- [Work to be completed]:
The lines you return should be those containing the string "Hcont", taken from the data below.

(Data entries)
(* Write w = z - c and let |a_n| <= rho^-(nQ+R) be the weak moderateness bound.  On the
   ball |w| < rho^(Q+3) every term satisfies |a_n w^n| <= rho^-R (rho/2)^n, and likewise
   |(n+1) a_(n+1) w^n| <= rho^-(Q+R) 2^-n, uniformly in e.  Domination by these geometric
   series gives, e-wise, convergence with sums and partial sums bounded by 2 rho^-R
   (moderateness), tails after N terms bounded by rho^(N+1-R) (the hyperlimit, with a
   constant hypernatural threshold), and rad >= rho^(Q+1).  One can take the given
   representatives themselves as the representatives required by S. *)

From Stdlib Require Import Reals Lra Lia Psatz ClassicalEpsilon.
From Coquelicot Require Import Coquelicot.
Open Scope R_scope.

Lemma pow_le_pow_le1 (r : R) (m n : nat) : 0 <= r <= 1 -> (m <= n)%nat -> r ^ n <= r ^ m.
Proof.
  intros Hr Hmn. induction Hmn as [|n Hmn IH]; [lra|].
  simpl. apply Rle_trans with (r ^ n); [|exact IH].
  assert (0 <= r ^ n) by (apply pow_le; lra). nra.
Qed.

Lemma INR_S_le_pow2 (n : nat) : INR (S n) <= 2 ^ n.
Proof.
  induction n as [|n IH]; [simpl; lra|].
  rewrite S_INR. change (2 ^ S n) with (2 * 2 ^ n).
  assert (1 <= 2 ^ n) by (apply pow_R1_Rle; lra). lra.
Qed.

Lemma inv_pow_nonneg (r : R) (k : nat) : 0 < r -> 0 <= / r ^ k.
Proof. intros Hr. left. apply Rinv_0_lt_compat, pow_lt, Hr. Qed.

Lemma two_le_inv (r : R) : 0 < r <= 1/2 -> 2 <= / r.
Proof. intros Hr. rewrite <- (Rinv_inv 2). apply Rinv_le_contravar; lra. Qed.

Lemma inv_pow_mul_pow_add (r : R) (Q Rr k n : nat) : 0 < r ->
  / r ^ (n * Q + Rr) * (r ^ (Q + k)) ^ n = / r ^ Rr * (r ^ k) ^ n.
Proof.
  intros Hr. rewrite <- !pow_mult.
  replace ((Q + k) * n)%nat with (n * Q + k * n)%nat by lia.
  rewrite !pow_add.
  assert (r ^ (n * Q) <> 0) by (apply pow_nonzero; lra).
  assert (r ^ Rr <> 0) by (apply pow_nonzero; lra).
  field; auto.
Qed.

Lemma geom_tail_le (r : R) (Rr q N : nat) :
  0 < r <= 1/2 -> (Rr + q <= N)%nat -> 2 * / r ^ Rr * (r / 2) ^ S N <= r ^ S q.
Proof.
  intros Hr HN.
  replace (r / 2) with (r * (1 / 2)) by lra. rewrite Rpow_mult_distr.
  replace (S N) with (Rr + (S N - Rr))%nat at 1 by lia. rewrite pow_add.
  assert (r ^ Rr <> 0) by (apply pow_nonzero; lra).
  replace (2 * / r ^ Rr * (r ^ Rr * r ^ (S N - Rr) * (1 / 2) ^ S N))
    with (r ^ (S N - Rr) * (2 * (1 / 2) ^ S N)) by (field; auto).
  assert (Hhalf : 2 * (1 / 2) ^ S N <= 1).
  { simpl. pose proof (pow_le_pow_le1 (1 / 2) 0 N ltac:(lra) ltac:(lia)). simpl in *. lra. }
  assert (Hq : r ^ (S N - Rr) <= r ^ S q) by (apply pow_le_pow_le1; [lra | lia]).
  assert (0 <= r ^ (S N - Rr)) by (apply pow_le; lra).
  assert (0 <= (1 / 2) ^ S N) by (apply pow_le; lra).
  nra.
Qed.

Lemma csum_sum_n (b : nat -> C) (N : nat) : csum b N = sum_n b N.
Proof.
  induction N as [|N IH]; simpl.
  - now rewrite sum_O.
  - now rewrite sum_Sn, IH.
Qed.

Lemma Cmod_sub_lim_le (u : nat -> C) (x L : C) (B : R) :
  filterlim u eventually (locally L) ->
  eventually (fun d => Cmod (x - u d)%C <= B) -> Cmod (x - L)%C <= B.
Proof.
  intros Hu HB.
  assert (Hcont : continuous (fun y : C => norm (minus x y)) L).
  { apply continuous_comp; [|apply filterlim_norm].
    apply (continuous_minus (fun _ : C => x) (fun y : C => y));
      [apply continuous_const | apply continuous_id]. }
  apply (filterlim_le (F := eventually) _ (fun _ => B) (Cmod (x - L)%C) B HB).
  - exact (filterlim_comp _ _ _ _ _ _ _ _ Hu Hcont).
  - apply filterlim_const.
Qed.

Section Geometric_domination.

Variables (b : nat -> C) (K s : R).
Hypothesis HK : 0 <= K.
Hypothesis Hs : 0 <= s <= 1/2.
Hypothesis Hb : forall n, Cmod (b n) <= K * s ^ n.

Lemma csum_block_bound (N d : nat) :
  Cmod (csum b (N + d) - csum b N)%C <= 2 * K * s ^ S N - 2 * K * s ^ S (N + d).
Proof.
  induction d as [|d IH].
  - rewrite Nat.add_0_r.
    replace (csum b N - csum b N)%C with (RtoC 0) by ring. rewrite Cmod_0. lra.
  - replace (N + S d)%nat with (S (N + d)) by lia. simpl csum.
    replace (csum b (N + d) + b (S (N + d)) - csum b N)%C
      with ((csum b (N + d) - csum b N) + b (S (N + d)))%C by ring.
    eapply Rle_trans; [apply Cmod_triangle|].
    pose proof (Hb (S (N + d))) as Hbn. simpl in *.
    assert (0 <= s ^ (N + d)) by (apply pow_le; lra).
    assert (0 <= K * (s * s ^ (N + d))) by (apply Rmult_le_pos; nra).
    nra.
Qed.

Lemma csum_block_le (N d : nat) :
  Cmod (csum b (N + d) - csum b N)%C <= 2 * K * s ^ S N.
Proof.
  pose proof (csum_block_bound N d).
  assert (0 <= K * s ^ S (N + d)) by (apply Rmult_le_pos; [|apply pow_le]; lra).
  lra.
Qed.

Lemma csum_geom_bound (N : nat) : Cmod (csum b N) <= 2 * K.
Proof.
  replace (csum b N) with (b O + (csum b (0 + N) - csum b 0))%C by (simpl; ring).
  eapply Rle_trans; [apply Cmod_triangle|].
  pose proof (Hb O). pose proof (csum_block_le 0 N). simpl in *. nra.
Qed.

Lemma ex_series_geom_dominated : ex_series b.
Proof.
  apply (ex_series_le b (fun n => K * s ^ n)); [exact Hb|].
  apply (ex_series_ext (fun n => scal (s ^ n) K)); [intros n; apply Rmult_comm|].
  apply ex_series_scal_r, ex_series_geom. rewrite Rabs_pos_eq; lra.
Qed.

Lemma is_series_tail_bound (L : C) (N : nat) :
  is_series b L -> Cmod (csum b N - L)%C <= 2 * K * s ^ S N.
Proof.
  intros HL. apply (Cmod_sub_lim_le (sum_n b)); [exact HL|].
  exists N. intros d Hd. rewrite <- csum_sum_n.
  replace d with (N + (d - N))%nat by lia.
  rewrite <- Cmod_opp. replace (- (csum b N - csum b (N + (d - N))))%C
    with (csum b (N + (d - N)) - csum b N)%C by ring.
  apply csum_block_le.
Qed.

Lemma is_series_geom_bound (L : C) : is_series b L -> Cmod L <= 2 * K.
Proof.
  intros HL. replace L with (b O - (csum b 0 - L))%C by (simpl; ring).
  eapply Rle_trans; [apply Cmod_triangle|]. rewrite Cmod_opp.
  pose proof (Hb O). pose proof (is_series_tail_bound L 0 HL). simpl in *. nra.
Qed.

End Geometric_domination.

Lemma series_sum_net (f : R -> nat -> C) :
  exists l : R -> C, forall e, ex_series (f e) -> is_series (f e) (l e).
Proof.
  exists (fun e => epsilon (inhabits (RtoC 0)) (is_series (f e))).
  intros e [L HL]. apply epsilon_spec. now exists L.
Qed.

Section Coefficient_bounds.

Variables (A : nat -> C) (w : C) (r : R) (Q Rr : nat).
Hypothesis Hr : 0 < r <= 1/2.
Hypothesis HA : forall n, Cmod (A n) <= / r ^ (n * Q + Rr).
Hypothesis Hw : Cmod w <= r ^ (Q + 3).

Lemma coef_pow_le (m n : nat) :
  Cmod (A m) * Cmod w ^ n <= / r ^ (m * Q + Rr) * (r ^ (Q + 3)) ^ n.
Proof.
  apply Rmult_le_compat; [apply Cmod_ge_0 | apply pow_le, Cmod_ge_0 | apply HA |].
  apply pow_incr. split; [apply Cmod_ge_0 | exact Hw].
Qed.

Lemma power_term_geom_bound (n : nat) :
  Cmod (A n * Cpow w n)%C <= / r ^ Rr * (r / 2) ^ n.
Proof.
  rewrite Cmod_mult, Cmod_pow. eapply Rle_trans; [apply coef_pow_le|].
  rewrite inv_pow_mul_pow_add by lra.
  apply Rmult_le_compat_l; [apply inv_pow_nonneg; lra|].
  apply pow_incr. split; [apply pow_le; lra|]. simpl. nra.
Qed.

Lemma derivative_term_geom_bound (n : nat) :
  Cmod (RtoC (INR (S n)) * A (S n) * Cpow w n)%C <= / r ^ (Q + Rr) * (1 / 2) ^ n.
Proof.
  rewrite !Cmod_mult, Cmod_pow, Cmod_R, Rabs_pos_eq by apply pos_INR.
  rewrite Rmult_assoc.
  eapply Rle_trans; [apply Rmult_le_compat_l; [apply pos_INR | apply (coef_pow_le (S n) n)]|].
  replace (S n * Q + Rr)%nat with (n * Q + (Q + Rr))%nat by lia.
  rewrite inv_pow_mul_pow_add by lra.
  assert (Hr3 : (r ^ 3) ^ n <= (1 / 4) ^ n).
  { apply pow_incr. split; [apply pow_le; lra|]. simpl. nra. }
  assert (Hhalf : 2 ^ n * (1 / 4) ^ n = (1 / 2) ^ n).
  { rewrite <- Rpow_mult_distr. f_equal. lra. }
  pose proof (INR_S_le_pow2 n).
  assert (0 <= / r ^ (Q + Rr)) by (apply inv_pow_nonneg; lra).
  assert (0 <= (r ^ 3) ^ n) by (apply pow_le, pow_le; lra).
  assert (INR (S n) * (r ^ 3) ^ n <= (1 / 2) ^ n).
  { rewrite <- Hhalf. apply Rmult_le_compat; auto using pos_INR. }
  nra.
Qed.

End Coefficient_bounds.

Lemma nroot_ge0 (n : nat) (x : R) : 0 <= nroot n x.
Proof.
  unfold nroot. destruct (Req_EM_T x 0); [lra|]. left. apply exp_pos.
Qed.

Lemma nroot_le_pow (n k : nat) (x y : R) :
  (1 <= n)%nat -> 0 <= x -> 0 < y -> x <= y ^ (n * k) -> nroot n x <= y ^ k.
Proof.
  intros Hn Hx Hy Hxy. unfold nroot. destruct (Req_EM_T x 0); [apply pow_le; lra|].
  assert (0 < INR n) by (apply lt_0_INR; lia).
  eapply Rle_trans.
  - apply Rle_Rpower_l; [left; apply Rinv_0_lt_compat; lra | split; [lra | exact Hxy]].
  - rewrite <- Rpower_pow, Rpower_mult, mult_INR by lra.
    replace (INR n * INR k * / INR n) with (INR k) by (field; lra).
    rewrite Rpower_pow by lra. lra.
Qed.

Lemma rad_ge_pow (a : nat -> R -> C) (e r : R) (Q Rr : nat) :
  0 < r <= 1 -> (forall n, Cmod (a n e) <= / r ^ (n * Q + Rr)) ->
  Rbar_le (Finite (r ^ (Q + 1))) (rad a e).
Proof.
  intros Hr HA. unfold rad.
  set (u := fun n => nroot n (Cmod (a n e))).
  assert (Hu0 : Rbar_le (Finite 0) (LimSup_seq u)).
  { rewrite <- (LimSup_seq_const 0). apply LimSup_le. exists O. intros n _. apply nroot_ge0. }
  assert (HuM : Rbar_le (LimSup_seq u) (Finite ((/ r) ^ (Q + 1)))).
  { rewrite <- (LimSup_seq_const ((/ r) ^ (Q + 1))). apply LimSup_le. exists (S Rr).
    intros n Hn. apply nroot_le_pow; [lia | apply Cmod_ge_0 | apply Rinv_0_lt_compat; lra |].
    eapply Rle_trans; [apply HA|]. rewrite <- pow_inv.
    apply Rle_pow; [rewrite <- Rinv_1; apply Rinv_le_contravar; lra | nia]. }
  destruct (LimSup_seq u) as [l| |]; simpl in *; try contradiction.
  destruct (Req_EM_T l 0); simpl; [exact I|].
  rewrite pow_inv in HuM.
  assert (0 < r ^ (Q + 1)) by (apply pow_lt; lra).
  rewrite <- (Rinv_inv (r ^ (Q + 1))). apply Rinv_le_contravar; lra.
Qed.

Lemma ev_and (P Q : R -> Prop) : ev P -> ev Q -> ev (fun e => P e /\ Q e).
Proof.
  intros [a [Ha HP]] [b [Hb HQ]]. exists (Rmin a b). split.
  - now apply Rmin_glb_lt.
  - intros e He1 He2 He3. split.
    + apply HP; auto. eapply Rle_trans; [apply He2|apply Rmin_l].
    + apply HQ; auto. eapply Rle_trans; [apply He2|apply Rmin_r].
Qed.

Lemma ev_mono (P Q : R -> Prop) : ev P -> (forall e, P e -> Q e) -> ev Q.
Proof. intros [a [Ha HP]] H. exists a. split; auto. Qed.

Lemma ev_gauge_half (rho : R -> R) : is_gauge rho -> ev (fun e => 0 < rho e <= 1/2).
Proof.
  intros [Hrange Hlim]. destruct (Hlim (1/2) ltac:(lra)) as [d [Hd Hlt]].
  exists (d/2). split; [lra|]. intros e He1 He2 He3. split.
  - apply Hrange; lra.
  - left. apply Hlt; lra.
Qed.

Lemma same_class_refl (rho : R -> R) (x : R -> C) : is_gauge rho -> same_class rho x x.
Proof.
  intros Hrho q. apply (ev_mono _ _ (ev_gauge_half rho Hrho)). intros e He.
  replace (x e - x e)%C with (RtoC 0) by ring. rewrite Cmod_0. apply pow_le; lra.
Qed.

Lemma strongly_equiv_refl (rho : R -> R) (a : nat -> R -> C) :
  is_gauge rho -> strongly_equiv rho a a.
Proof.
  intros Hrho q r. apply (ev_mono _ _ (ev_gauge_half rho Hrho)). intros e He n.
  replace (a n e - a n e)%C with (RtoC 0) by ring. rewrite Cmod_0. apply pow_le; lra.
Qed.

Lemma hypernat_const (rho : R -> R) (k : nat) : is_gauge rho -> hypernat rho (fun _ => k).
Proof.
  intros Hrho. exists k. apply (ev_mono _ _ (ev_gauge_half rho Hrho)). intros e Hr.
  rewrite Rabs_pos_eq by apply pos_INR. rewrite <- pow_inv.
  apply Rle_trans with (2 ^ k).
  - pose proof (INR_S_le_pow2 k). rewrite S_INR in *. lra.
  - apply pow_incr. pose proof (two_le_inv _ Hr). lra.
Qed.

(* The negligible slack in [M <= n] is eventually below 1, hence the successor. *)
Lemma Rt_le_INR_succ (rho : R -> R) (M n : R -> nat) :
  Rt_le rho (fun e => INR (M e)) (fun e => INR (n e)) -> ev (fun e => (M e <= S (n e))%nat).
Proof.
  intros [z [Hz Hle]]. apply (ev_mono _ _ (ev_and _ _ Hle (Hz O))). intros e [H1 H2].
  simpl in H2. apply INR_le. rewrite S_INR. pose proof (Rle_abs (z e)). lra.
Qed.

Lemma moderate_of_le_inv_pow (rho : R -> R) (x : R -> C) (k : nat) :
  ev (fun e => 0 < rho e <= 1/2 /\ Cmod (x e) <= 2 * / rho e ^ k) -> moderate rho x.
Proof.
  intros H. exists (S k). apply (ev_mono _ _ H). intros e [Hr Hx].
  simpl. rewrite Rinv_mult.
  assert (0 < / rho e ^ k) by (apply Rinv_0_lt_compat, pow_lt; lra).
  pose proof (two_le_inv _ Hr). nra.
Qed.

Lemma Rt_lt_pow_of_le (rho : R -> R) (x : R -> R) (q : nat) :
  ev (fun e => 0 < rho e <= 1/2 /\ x e <= rho e ^ S q) ->
  Rt_lt rho x (fun e => rho e ^ q).
Proof.
  intros H. exists (S (S q)). apply (ev_mono _ _ H). intros e [Hr Hx].
  assert (0 < rho e ^ q) by (apply pow_lt; lra).
  simpl in *.
  assert (rho e * rho e ^ q <= rho e ^ q / 2) by nra.
  assert (rho e * (rho e * rho e ^ q) <= rho e ^ q / 4) by nra.
  lra.
Qed.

- [Exercise solution]:
  assert (Hcont : continuous (fun y : C => norm (minus x y)) L).
  - exact (filterlim_comp _ _ _ _ _ _ _ _ Hu Hcont).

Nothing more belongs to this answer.